Symptom: every generated batch fails the green check. Cause: the model is importing the module by the wrong path, or assuming fixtures that don’t exist. Fix: include the real dotted import path in each target block and pass a conftest.py excerpt listing available fixtures.
Symptom: coverage climbs then drops between iterations. Cause: a later batch shadowed test names from an earlier file. Fix: the iteration-numbered filenames prevent module collisions; check for duplicate test function names within a file and tell the model to suffix with the line number.

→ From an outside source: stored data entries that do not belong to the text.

Section Hypergraphs.
Variable n : nat.
Implicit Types (H FF B : {set {set 'I_n}}) (S X Y Z A E F I J : {set 'I_n}).

Definition hadj H : rel 'I_n := fun a b => [exists E in H, (a \in E) && (b \in E)].

Definition hedge H S : rel 'I_n := fun a b => [&& a \in S, b \in S & hadj H a b].

Definition hconnectedb H S := [forall x in S, forall y in S, connect (hedge H S) x y].

Lemma hadj_sym H : symmetric (hadj H).
Proof.
by move=> a b; apply/exists_inP/exists_inP => -[E EH /andP[aE bE]]; exists E; rewrite ?aE ?bE.
Qed.

Lemma hedge_sym H S : symmetric (hedge H S).
Proof. by move=> a b; rewrite /hedge hadj_sym andbCA. Qed.

Lemma path_hedge H S x s : x \in S ->
  path (hedge H S) x s = all (fun z => z \in S) s && path (hadj H) x s.
Proof.
elim: s x => [|y s IH] x xS //=; rewrite /hedge xS /=.
by case yS: (y \in S); rewrite //= IH // andbCA.
Qed.

Lemma hconnectedP H S : reflect (hconnected H S) (hconnectedb H S).
Proof.
apply: (iffP forall_inP) => conn x.
- move=> y xS yS; have /forall_inP/(_ y yS)/connectP[s] := conn x xS.
  by rewrite path_hedge // => /andP[sS p] ->; exists s.
- move=> xS; apply/forall_inP => y yS; have [s [sS p <-]] := conn x y xS yS.
  by apply/connectP; exists s; rewrite ?path_hedge ?sS.
Qed.

Lemma connect_hedge_sub H H' S S' : H \subset H' -> S \subset S' ->
  subrel (connect (hedge H S)) (connect (hedge H' S')).
Proof.
move=> sHH' sSS'; apply: connect_sub => x y /and3P[xS yS /exists_inP[E EH xyE]].
apply: connect1; rewrite /hedge !(subsetP sSS') //.
by apply/exists_inP; exists E; rewrite ?(subsetP sHH').
Qed.

Lemma path_cross (T : eqType) (e : rel T) (A : {pred T}) x s :
  path e x s -> x \in A -> last x s \notin A ->
  exists p q, [/\ e p q, p \in A & q \notin A].
Proof.
elim: s x => [|y s IH] x /=; first by move=> _ ->.
case/andP=> exy pys xA; case yA: (y \in A); first exact: IH.
by exists x, y; rewrite yA.
Qed.

Lemma hconnected_cross H S Z x y : hconnected H S -> x \in S -> y \in S ->
  x \in Z -> y \notin Z -> exists E p q, [/\ E \in H, p \in E, q \in E, p \in Z & q \notin Z].
Proof.
move=> conn xS yS xZ yZ; have [s [_ pxs lxs]] := conn x y xS yS.
rewrite -lxs in yZ.
have [p [q [/exists_inP[E EH /andP[pE qE]] pZ qZ]]] := path_cross pxs xZ yZ.
by exists E, p, q.
Qed.

Lemma restrS H A A' : A \subset A' -> restr H A \subset restr H A'.
Proof.
move=> sAA'; apply/subsetP => F; rewrite !inE => /andP[-> sFA].
exact: subset_trans sFA sAA'.
Qed.

Lemma restrI H A A' : restr H (A :&: A') = restr H A :&: restr H A'.
Proof. by apply/setP => F; rewrite !inE subsetI andbACA andbb. Qed.

Lemma hconnectedU H I J z : z \in I -> z \in J ->
  hconnected (restr H I) I -> hconnected (restr H J) J ->
  hconnected (restr H (I :|: J)) (I :|: J).
Proof.
move=> zI zJ /hconnectedP/forall_inP connI /hconnectedP/forall_inP connJ.
set e := hedge (restr H (I :|: J)) (I :|: J).
have from_z w : w \in I :|: J -> connect e z w.
  case/setUP=> [wI|wJ].
  - apply: connect_hedge_sub (forall_inP (connI z zI) w wI);
      [exact/restrS/subsetUl | exact: subsetUl].
  - apply: connect_hedge_sub (forall_inP (connJ z zJ) w wJ);
      [exact/restrS/subsetUr | exact: subsetUr].
apply/hconnectedP/forall_inP => x xIJ; apply/forall_inP => y yIJ.
apply: connect_trans (from_z y yIJ).
by rewrite (sym_connect_sym (@hedge_sym _ _)) from_z.
Qed.

Lemma buildingP B : is_building B ->
  [/\ set0 \notin B, forall i, [set i] \in B &
      forall I J, I \in B -> J \in B -> I :&: J != set0 -> I :|: J \in B].
Proof.
case/and3P=> B0 /forallP B1 /forall_inP BU; split=> // I J IB JB.
by move/forall_inP: (BU I IB) => /(_ J JB)/implyP.
Qed.

Lemma building_closureP FF X :
  reflect (forall B, is_building B -> FF \subset B -> X \in B)
          (X \in building_closure FF).
Proof.
apply: (iffP bigcapP) => [XB B bB sFB | XB B /andP[]]; last exact: XB.
by apply: XB; rewrite bB.
Qed.

(* Glue the edge to a largest member of B between Z0 and Y. *)
Lemma building_grow FF B Z0 Y : is_building B -> FF \subset B ->
  Z0 \in B -> Z0 \subset Y ->
  (forall Z, Z \in B -> Z0 \subset Z -> Z \subset Y -> Z != Y ->
     exists2 F, F \in FF & [&& F \subset Y, F :&: Z != set0 & ~~ (F \subset Z)]) ->
  Y \in B.
Proof.
move=> bB sFB Z0B sZ0Y grow; have [_ _ BU] := buildingP bB.
pose P Z := [&& Z \in B, Z0 \subset Z & Z \subset Y].
have PZ0 : P Z0 by rewrite /P Z0B subxx.
have [Z /and3P[ZB sZ0Z sZY] maxZ] := arg_maxnP (fun Z => #|Z|) PZ0.
have [<- //|ZY] := eqVneq Z Y.
have [F FF_F /and3P[sFY FZ nsFZ]] := grow Z ZB sZ0Z sZY ZY.
have ZFB : Z :|: F \in B by apply: BU => //; [exact: (subsetP sFB) | rewrite setIC].
have: P (Z :|: F) by rewrite /P ZFB subUset sZY sFY (subset_trans sZ0Z (subsetUl _ _)).
by move/maxZ; rewrite /= leqNgt proper_card // properUl.
Qed.

Definition connected_sets FF := [set Y | (Y != set0) && hconnectedb (restr FF Y) Y].

Lemma connected_sets_building FF : is_building (connected_sets FF).
Proof.
apply/and3P; split; first by rewrite inE eqxx.
- apply/forallP => i; rewrite inE; apply/andP; split.
    by apply/set0Pn; exists i; rewrite inE.
  by apply/hconnectedP => x y /set1P-> /set1P->; exists [::].
- apply/forall_inP => I; rewrite inE => /andP[_ /hconnectedP connI].
  apply/forall_inP => J; rewrite inE => /andP[_ /hconnectedP connJ].
  apply/implyP => /set0Pn[z /setIP[zI zJ]]; rewrite inE.
  apply/andP; split; first by apply/set0Pn; exists z; rewrite inE zI.
  exact/hconnectedP/(hconnectedU zI zJ).
Qed.

Lemma sub_connected_sets FF : set0 \notin FF -> FF \subset connected_sets FF.
Proof.
move=> FF0; apply/subsetP => F FF_F; rewrite inE.
apply/andP; split; first by apply: contraNneq FF0 => <-.
apply/hconnectedP => x y xF yF; exists [:: y]; rewrite /= yF; split=> //.
by rewrite andbT; apply/exists_inP; exists F; rewrite ?inE ?FF_F ?subxx ?xF ?yF.
Qed.

Lemma closure_connected FF X : set0 \notin FF -> X \in building_closure FF ->
  X != set0 /\ hconnected (restr FF X) X.
Proof.
move=> FF0 /building_closureP/(_ _ (connected_sets_building FF)).
by rewrite inE => /(_ (sub_connected_sets FF0))/andP[-> /hconnectedP].
Qed.

Lemma connected_closure FF Y : Y != set0 -> hconnected (restr FF Y) Y ->
  Y \in building_closure FF.
Proof.
case/set0Pn=> y0 y0Y conn; apply/building_closureP => B bB sFB.
have [_ B1 _] := buildingP bB.
apply: (building_grow bB sFB (B1 y0)); first by rewrite sub1set.
move=> Z _ sy0Z sZY ZY.
have [y yY yZ] : exists2 y, y \in Y & y \notin Z.
  by apply/subsetPn; rewrite eqEsubset sZY in ZY.
have y0Z : y0 \in Z by rewrite -sub1set.
have [E [p [q [ER pE qE pZ qZ]]]] := hconnected_cross conn y0Y yY y0Z yZ.
move: ER; rewrite inE => /andP[EF sEY]; exists E => //.
rewrite sEY /=; apply/andP; split; first by apply/set0Pn; exists p; rewrite inE pE.
by apply: contra qZ => /subsetP; apply.
Qed.

Lemma saturated_closure FF X Y : set0 \notin FF -> hconnected FF setT ->
  X \in building_closure FF -> X \subset Y ->
  {in FF, forall F, (F :\: X) :&: Y != set0 -> F \subset Y} ->
  Y \in building_closure FF.
Proof.
move=> FF0 conn XC sXY satY; have [/set0Pn[x0 x0X] _] := closure_connected FF0 XC.
apply/building_closureP => B bB sFB.
apply: (building_grow bB sFB) sXY _; first by move/building_closureP: XC; apply.
move=> Z _ sXZ sZY ZY.
have [y yY yZ] : exists2 y, y \in Y & y \notin Z.
  by apply/subsetPn; rewrite eqEsubset sZY in ZY.
have x0W : x0 \in Z :|: ~: Y by rewrite inE (subsetP sXZ).
have yW : y \notin Z :|: ~: Y by rewrite !inE yY orbF.
have [E [p [q [EF pE qE pW]]]] := hconnected_cross conn (in_setT x0) (in_setT y) x0W yW.
rewrite !inE negb_or negbK => /andP[qZ qY].
have sEY : E \subset Y.
  apply: satY => //; apply/set0Pn; exists q; rewrite !inE qE qY !andbT.
  by apply: contra qZ; apply: (subsetP sXZ).
exists E => //; rewrite sEY /=; apply/andP; split; last first.
  by apply: contra qZ => /subsetP; apply.
by apply/set0Pn; exists p; move: pW; rewrite !inE pE (subsetP sEY) //= orbF.
Qed.

Lemma contr_disconnected_split FF X : ~ hconnected (contr FF X) (~: X) ->
  exists S, [/\ S \subset ~: X, S != set0, ~: X :\: S != set0 &
    {in FF, forall F, (F :\: X) :&: S != set0 -> F :\: X \subset S}].
Proof.
move/hconnectedP/forall_inPn=> [u uX /forall_inPn[v vX nuv]].
set e := hedge (contr FF X) (~: X).
exists [set w in ~: X | connect e u w]; split.
- by apply/subsetP => w; rewrite inE => /andP[].
- by apply/set0Pn; exists u; rewrite inE uX connect0.
- by apply/set0Pn; exists v; rewrite !inE -in_setC vX (negbTE nuv).
move=> F FF_F /set0Pn[w1]; rewrite !inE => /andP[/andP[w1X w1F] /andP[_ uw1]].
apply/subsetP => w2; rewrite !inE => /andP[w2X w2F]; rewrite w2X /=.
apply: connect_trans uw1 (connect1 _); rewrite /e /hedge !inE w1X w2X /=.
apply/exists_inP; exists (F :\: X); last by rewrite !inE w1X w1F w2X w2F.
apply/imsetP; exists F => //; rewrite inE FF_F.
by apply/set0Pn; exists w1; rewrite inE w1X w1F.
Qed.

Lemma sum_nat_eq_in A c : \sum_(i in A) (c == i) = (c \in A).
Proof.
case cA: (c \in A); last by rewrite big1 // => i iA; case: eqP => // ci; rewrite ci iA in cA.
by rewrite (bigD1 c) //= eqxx big1 // => i /andP[_]; rewrite eq_sym => /negbTE->.
Qed.

Lemma card_restr FF Z : #|restr FF Z| = \sum_(F in FF) (F \subset Z).
Proof.
rewrite -sum1_card (big_mkcond (fun F => F \in restr FF Z)) [RHS]big_mkcond /=.
by apply: eq_bigr => F _; rewrite inE; case: (F \in FF); case: (F \subset Z).
Qed.

Section SelectionCounts.
Variables (FF : {set {set 'I_n}}) (s : {set 'I_n} -> 'I_n).
Hypothesis s_in : {in FF, forall F, s F \in F}.

(* [phi Z] of the vertex [\sum_(F in FF) e_(s F)] of [Delta_FF]. *)
Definition sel_count Z := \sum_(F in FF) (s F \in Z).

Lemma sel_countT : sel_count setT = #|FF|.
Proof. by rewrite /sel_count -sum1_card; apply: eq_bigr => F _; rewrite inE. Qed.

Lemma sum_sel_count Z : \sum_(i in Z) sel_count [set i] = sel_count Z.
Proof.
rewrite /sel_count exchange_big /=; apply: eq_bigr => F _.
by rewrite -sum_nat_eq_in; apply: eq_bigr => i _; rewrite inE.
Qed.

Lemma leq_subset_sel (Z F : {set 'I_n}) : F \in FF -> (F \subset Z) <= (s F \in Z).
Proof. by move=> FF_F; case sFZ: (F \subset Z); rewrite // (subsetP sFZ) ?s_in. Qed.

Lemma sel_count_ge Z : #|restr FF Z| <= sel_count Z.
Proof. by rewrite card_restr; apply: leq_sum => F; apply: leq_subset_sel. Qed.

Lemma sel_count_restr Z : {in FF, forall F, s F \in Z -> F \subset Z} ->
  sel_count Z = #|restr FF Z|.
Proof.
move=> sZ; rewrite card_restr; apply: eq_bigr => F FF_F.
case sFZ: (s F \in Z); first by rewrite (sZ F).
by case: (boolP (F \subset Z)) => // /subsetP/(_ _ (s_in FF_F)); rewrite sFZ.
Qed.

Lemma sel_count_gt Z F : F \in FF -> s F \in Z -> ~~ (F \subset Z) ->
  #|restr FF Z| < sel_count Z.
Proof.
move=> FF_F sFZ nsFZ; rewrite card_restr /sel_count (bigD1 F) //= [X in _ < X](bigD1 F) //=.
rewrite sFZ (negbTE nsFZ) add0n add1n ltnS.
by apply: leq_sum => G /andP[FF_G _]; exact: leq_subset_sel.
Qed.

End SelectionCounts.

Section Inequalities.
Variable R : realFieldType.
Local Open Scope ring_scope.
(* Let $G=(V,E)$ be a simple connected graph with $N\ge 2$ nodes. For the Mellin transform with parameter $s>0$ let $w_{ij}=d_{ij}^{-s}$ for all pairs $i\neq j$, and for the Laplace transform with parameter $\lambda>0$ let $w_{ij}=e^{-\lambda d_{ij}}$ if $d_{ij}>1$ and $w_{ij}=1$ if $(i,j)\in E$. Let $\tilde{L}_\tau(G,w)$ be the corresponding transformed $d$-path Laplacian, i.e. the weighted Laplacian with off-diagonal entries $-w_{ij}$ and diagonal entries $\sum_{j\neq i}w_{ij}$ (equivalently $\sum_{d=1}^{d_{max}}d^{-s}L_d$ in the Mellin case and $L+\sum_{d=2}^{d_{max}}e^{-\lambda d}L_d$ in the Laplace case), and let $\lambda_2(G,w)$ and $\lambda_N(G,w)$ be its second smallest and largest eigenvalues. If $s'<s$ (Mellin case) or $\lambda'<\lambda$ (Laplace case), and $w'$ denotes the weights with parameter $s'$ (resp. $\lambda'$), then $\lambda_2(G,w')\ge\lambda_2(G,w)$ and $\lambda_N(G,w')\ge\lambda_N(G,w)$. That is, $\lambda_2(G,w)$ and $\lambda_N(G,w)$ are non-increasing in $s$ (resp. $\lambda$).
   Context: $d_{ij}$ is the shortest-path distance between nodes $i,j$ in $G$ and $d_{max}$ the diameter. $L$ is the usual graph Laplacian. For $1\le d\le d_{max}$, $L_d$ is the $N\times N$ matrix with $(L_d)_{ij}=-1$ if $i\ne j$ and $d_{ij}=d$, $0$ for other off-diagonal entries, and $(L_d)_{ii}$ equal to the number of nodes at distance $d$ from $i$. Eigenvalues are ordered $0=\lambda_1\le\lambda_2\le\cdots\le\lambda_N$. *)

From HB Require Import structures.
From mathcomp Require Import all_boot all_order all_algebra.
From mathcomp Require Import all_classical all_reals all_analysis.
Set Implicit Arguments. Unset Strict Implicit. Unset Printing Implicit Defensive.
Import Order.TTheory GRing.Theory Num.Theory.
Local Open Scope ring_scope.

Definition simple_graph (N : nat) (e : rel 'I_N) : Prop :=
  symmetric e /\ irreflexive e.

Definition connected_graph (N : nat) (e : rel 'I_N) : Prop :=
  forall x y : 'I_N, connect e x y.

Definition walkb (N : nat) (e : rel 'I_N) (k : nat) (x y : 'I_N) : bool :=
  [exists p : k.-tuple 'I_N, path e x p && (last x p == y)].

(* shortest-path distance d_ij: the least k < N such that a k-edge walk
   from x to y exists (in a connected graph such k always exists). *)
Definition gdist (N : nat) (e : rel 'I_N) (x y : 'I_N) : nat :=
  find (fun k => walkb e k x y) (iota 0 N).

Symptom: loop never terminates early on legacy code. Cause: many defensive branches are unreachable from tests. Fix: the no-progress guard handles it; consider # pragma: no cover on genuinely defensive lines so they leave the target list.
Wrapping Up
An agent loop turns test generation from a one-shot guess into a closed feedback system, with coverage.py supplying the signal that tells the model exactly where to aim. Keep the loop honest with a no-progress guard, a green check, and a human-reviewed PR at the end. Next, layer in mutation testing so the loop optimizes for assertions that actually catch bugs, not just branches that happen to execute.